Злыдень проворно отскочил.
— Вот он, клад. Одежа нарядная, зерно в бадейке. Очень даже хороший клад. Не без изъяна, правда, а кто у нас без греха?
— Золото где?
— Видали: золота ему захотелось… Тут места нищие, золота и прежде не бывало, и сейчас нет. Хочешь золота — иди в хлев и греби из-под коровы.
— Убью поганца! — взревел Пахом и, выбравшись из ямы, ринулся на злыдня. Тот стрелой взлетел на верхушку грудницы.
— Хозяин! Срам прикрой, мальчишки в ночное скачут!
Пахом взвизгнул и полез хорониться в крапиву.
Домой Пахом Авдеич вернулся далеко за полночь. Жена, ожидавшая главу семьи, в голос взвыла, увидав его плачевное состояние. Хорошо хоть батраки у Куваротова были из местных и жили по своим избам, а то ославили бы на всю деревню. А так, жена, нюхнувши кулака, подавилась воем и больше не шумела.
Пахом Авдеич уселся на лавку и глухо сказал:
— Все, лопнуло мое терпение. Я ему покажу, как надо мной шутки шутить.
— А что я такого сделал? — спросил злыдень, высунувшись из-за печки. — Мое дело маленькое: прокукарекал, а там хоть трава не расти. Что ты велел, то я и сделал. Лучше просить надо было.
— Батюшки-светы! — снова взвыла Куваротиха. — Что же это деется? До зеленых чертей допился, ирод!
Пришлось снова осаживать дурную бабу.
— Значит, плохо тебе приказываю? — мрачно спросил Пахом Авдеич, добившись какой-никакой тишины. — Ну-ка, принеси мне барской еды на серебряном блюде!
— Сейчас не могу. Баре отужинали, посуда вся помыта и в буфет убрана. Вот завтра, когда обедать сядут, это — пожалуйста…
— Врешь поди… ну да ладно, обожду до завтра. А что ж ты, бесов сын, мне с кладом подлянку устроил?
— Я не бесов сын, я злыдень, и папа с мамой у меня злыдни. А ты, что просил, то и получил.
— Я клад просил. Где ж там клад, это ухоронка позабытая.
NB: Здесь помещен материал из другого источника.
(* Let $P=\langle \mathit{Init}(X),\mathit{Tr}(X,X'),\mathit{Bad}(X)\rangle$ be a safety problem over $\mathcal{T}$, and consider an execution of the Quic3 rules on $P$. Suppose the NewLemma rule is applied to a proof obligation $\langle m,\sigma,i+1\rangle\in\mathcal{Q}$ (with $0\le i<N$ and $\mathcal{F}(\mathit{qi}(Q_i))\wedge m'_{\mathit{sk}}$ unsatisfiable), computing $L'=\textsc{Itp}(\mathcal{F}(\mathit{qi}(Q_i)),m'_{\mathit{sk}})$ and $(\ell,\_)=\mathit{abs}(\mathit{SK},L)$, and adding $(\ell,\sigma)$ to $Q_{i+1}$. Then $$\mathcal{F}(\forall Q_i)\ \Rightarrow\ \forall(\ell').$$
   Context: $\mathcal{T}$ is the combined first-order theory of linear integer arithmetic and arrays, with sorts $\mathsf{int}$ and $\mathsf{array}$ (array indices and values have sort $\mathsf{int}$; $\mathsf{sel}$, $\mathit{store}$ are array read/write). Formulas may contain uninterpreted constants; among them are Skolem constants $\mathit{SK}=\{sk_i: i\in\mathbb{N}\}$ of sort $\mathsf{int}$. Variables of sort $\mathsf{int}$ are named $v_i$. A substitution is a partial sort-respecting map from variables to terms; $\varphi\sigma$ is its application; $\emptyset$ is the empty substitution. The Skolem substitution $\mathit{sk}$ maps $v_i\mapsto sk_i$; $L_{\mathit{sk}}$ denotes $L\,\mathit{sk}$. $\mathit{Const}(\varphi)$, $\mathit{FVars}(\varphi)$ denote uninterpreted constants and free variables; $\forall\varphi$ / $\exists\varphi$ are universal / existential closures over all free variables; $\varphi\Rightarrow\psi$ means $\varphi\to\psi$ is valid in $\mathcal{T}$. For a set $U$ of constants and formula $\varphi$, $\mathit{abs}(U,\varphi)=(\psi,\sigma)$: $\psi$ is obtained from $\varphi$ by replacing each constant of $U$ by a variable not free in $\varphi$, each $sk_i\in U$ being replaced by $v_i$; $\mathit{dom}(\sigma)=\mathit{FVars}(\psi)\setminus\mathit{FVars}(\varphi)$, $\psi\sigma=\varphi$, and no constant of $U$ occurs in $\psi$. For ground $\varphi$, $\exists U\cdot\varphi$ denotes $\exists\psi$ with $(\psi,\_)=\mathit{abs}(U,\varphi)$. A partial model-based projection $\textsc{pMbp}(U,\varphi,M)=(\psi,W)$ (for ground $\varphi$, $M\models\varphi$, $U\subseteq\mathit{Const}(\varphi)$) satisfies: $\psi$ is a conjunction of ground literals; $W\subseteq U$, $\mathit{Const}(\psi)\subseteq\mathit{Const}(\varphi)\setminus(U\setminus W)$; $\psi\Rightarrow\exists(U\setminus W)\cdot\varphi$; $M\models\psi$; for fixed $U,\varphi$ only finitely many values arise over all models $M$; $W$ contains no array constant. For ground $A,B$ with $A\wedge B$ unsatisfiable, $\textsc{Itp}(A,B)$ is an interpolant: a ground formula $I$ with $\mathit{Const}(I)\subseteq\mathit{Const}(A)\cap\mathit{Const}(B)$, $A\Rightarrow I$ and $I\Rightarrow\neg B$. A safety problem $\langle \mathit{Init}(X),\mathit{Tr}(X,X'),\mathit{Bad}(X)\rangle$ has a finite set $X$ of constants disjoint from $\mathit{SK}$, primed copy $X'=\{a'\mid a\in X\}$, and quantifier-free ground $\mathit{Init},\mathit{Bad}$ over $X$ and $\mathit{Tr}$ over $X\cup X'$. $\varphi'$ replaces each $a\in X$ by $a'$ in $\varphi$, and for $L'$ a formula over $X'\cup\mathit{SK}$, $L$ denotes its unprimed version. $\mathcal{F}(A)=(A(X)\wedge\mathit{Tr}(X,X'))\vee\mathit{Init}(X')$. A frame $Q$ is a finite set of pairs $(\ell,\sigma)$, $\ell$ quantifier-free over $X$ with free variables of sort $\mathsf{int}$, $\sigma$ a substitution with $\mathit{FVars}(\ell)\subseteq\mathit{dom}(\sigma)$ and range in $X'\cup\mathit{SK}$; $\forall Q$ is the conjunction of $\forall\ell$ and $\mathit{qi}(Q)$ the conjunction of $\ell\sigma$ over $(\ell,\sigma)\in Q$. A proof obligation (POB) is $\langle m,\sigma,i\rangle$ with $m$ a conjunction of literals over $X$ with free $\mathsf{int}$ variables, $m\sigma$ ground, $i\in\mathbb N$. Quic3 maintains a POB queue $\mathcal Q$, a level $N$ and frames $Q_0,Q_1,\dots$; initially $\mathcal Q=\emptyset$, $N=0$, $Q_0=\{(\mathit{Init},\emptyset)\}$, $Q_i=\emptyset$ for $i>0$. It applies, in any order, the rules: (Safe) if some $i<N$ has $\forall Q_i\subseteq\forall Q_{i+1}$ (as sets of formulas), return Safe; (Cex) if some $\langle m,\sigma,0\rangle\in\mathcal Q$, return Cex; (Unfold) if $\mathit{qi}(Q_N)\Rightarrow\neg\mathit{Bad}$, set $N\gets N+1$; (Candidate) if $m$ is a monomial with $m\Rightarrow\mathit{qi}(Q_N)\wedge\mathit{Bad}$, add $\langle m,\emptyset,N\rangle$ to $\mathcal Q$; (Predecessor) if $\langle m,\xi,i+1\rangle\in\mathcal Q$ and $M\models\mathit{qi}(Q_i)\wedge\mathit{Tr}\wedge m'_{\mathit{sk}}$, add $\langle\psi,\sigma,i\rangle$ where $(\psi,\sigma)=\mathit{abs}(U,\varphi)$ and $(\varphi,U)=\textsc{pMbp}(X'\cup\mathit{SK},\mathit{Tr}\wedge m'_{\mathit{sk}},M)$; (NewLemma) for $0\le i<N$ and $\langle m,\sigma,i+1\rangle\in\mathcal Q$ with $\mathcal F(\mathit{qi}(Q_i))\wedge m'_{\mathit{sk}}$ unsatisfiable, let $L'=\textsc{Itp}(\mathcal F(\mathit{qi}(Q_i)),m'_{\mathit{sk}})$ and $(\ell,\_)=\mathit{abs}(\mathit{SK},L)$, and add $(\ell,\sigma)$ to $Q_j$ for all $j\le i+1$; (Push) for $0\le i<N$ and $((\varphi\vee\psi),\sigma)\in Q_i$, if $(\varphi,\sigma)\notin Q_{i+1}$, $\mathit{Init}\Rightarrow\forall\varphi$ and $(\forall\varphi)\wedge\forall Q_i\wedge\mathit{qi}(Q_i)\wedge\mathit{Tr}\Rightarrow\forall\varphi'$, add $(\varphi,\sigma)$ to $Q_j$ for all $j\le i+1$. *)

From Stdlib Require Import ZArith List Bool Arith.
Import ListNotations.
Open Scope Z_scope.

(* Every non-Skolem constant has a name n and a
   "primed" flag; the primed copy a' of an unprimed constant a is obtained by
   flipping the flag.  Skolem constants sk_i have sort int.                  *)
Inductive const : Type :=
| CInt (n : nat) (pr : bool)
| CArr (n : nat) (pr : bool)
| CSk  (i : nat).

Definition const_eq_dec : forall c d : const, {c = d} + {c <> d}.
Proof. decide equality; first [apply Nat.eq_dec | apply Bool.bool_dec]. Defined.

Definition isSk (c : const) : Prop := exists i, c = CSk i.

(* Terms (sort-correct by construction). Variables v_i are of sort int. *)
Inductive iterm : Type :=
| IVar (v : nat)
| ICst (n : nat) (pr : bool)
| ISk  (i : nat)
| ILit (z : Z)
| IAdd (t u : iterm)
| IMul (k : Z) (t : iterm)
| ISel (a : aterm) (t : iterm)
with aterm : Type :=
| ACst (n : nat) (pr : bool)
| AStore (a : aterm) (t u : iterm).

Inductive formula : Type :=
| FTrue | FFalse
| FEq  (t u : iterm)
| FLe  (t u : iterm)
| FDvd (k : Z) (t : iterm)
| FEqA (a b : aterm)
| FNot (p : formula)
| FAnd (p q : formula)
| FOr  (p q : formula)
| FAll (v : nat) (p : formula)
| FEx  (v : nat) (p : formula).

Record model : Type := mkModel {
  m_int : nat -> bool -> Z;
  m_arr : nat -> bool -> Z -> Z;
  m_sk  : nat -> Z }.

Definition valuation := nat -> Z.
Definition upd (r : valuation) (v : nat) (z : Z) : valuation :=
  fun w => if Nat.eqb w v then z else r w.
— Позитивное знание не видит разницы между кладом и ухоронкой. Не веришь, ступай в сиянс-академию, там тебе скажут, что это синонимы.
— Грамотный ты очень…
— Да уж, не жалуюсь.
— Ты меня не перебивай! Ты слушай, что я говорю. Клад — это сокровища зарытые. Деньги всякие: золото, серебро, каменья самоцветные, дорогие. Понял, дурья башка?
— Да уж понял, чего тут не понять.
— Вот такой клад мне и нужен.
— Прямо сейчас копать пойдешь? Ты бы баньку истопил, помылся, ноги острекавленные попарил. Глядишь, и полегчает.
— Ты мне зубы не заговаривай, а прямо отвечай, есть ли в округе такой клад?
— Каменьев самоцветных нет, а денежный клад имеется.
— Что ж ты молчал, олух царя небесного?!
— Не ругайся! — взвизгнул злыдень.
— Перетерпишь. Я тебя еще не так приласкаю. Велик ли клад?
— С полпуда будет. Только взять его трудновато.
— Далеко, что ли?
— Не, совсем близко. За деревней церковь новая стоит, знаешь?
— Еще бы не знать, сколько деньжищ на эту церковь мною пожертвовано.
— А поставили ее как раз поверх того места, где клад закопан.
— Ты место точно укажи, я с попом договорюсь, полы поднимем…
— Так не получится. Нам, злыдням, в церковь ходить нельзя. Да и не смогу я под куполом точно место указать. Вот если бы церковь сгорела — тогда иное дело. На пожарище клад найти — легче легкого.
— Ты мне что предлагаешь? — с угрозой спросил Куваротов.
— Я? Ничего. Просто думаю вслух.
— Мал еще думать! — Пахом Авдеич замолк, потом спросил тоскливо:
— Сколько, говоришь, там денег?
— Полпуда. Может, чуток побольше. С гаком.
— Монеты хоть золотые?
— Я же говорил, золота в наших краях нет.
— Серебра полпуда — тоже неплохо…
— Так там и не серебро. В конце века, когда ассигнации ввели, народ начал медные деньги прятать. Там полпуда екатерининских пятаков.
— Тьфу, пропасть! Что ж ты мне голову дуришь?
— Ничего я не дурю. Мне просто любопытно стало, за какую сумму ты церковь поджечь согласишься. Но если медные пятаки тебя не прельщают, то извини. Других кладов в округе нет.
Наутро Пахом Авдеич проснулся разбитым. Окрапивленные ноги распухли и чесались нестерпимо, да и все остальное — тоже. Но больше всего мучила мысль, что злыдень, напросившийся в работники, так жестоко насмеялся над ним. Впрочем, вспомнив о серебряном сотейнике, Пахом Авдеич малость повеселел и, позвав злыдня, велел тащить господских кушаний.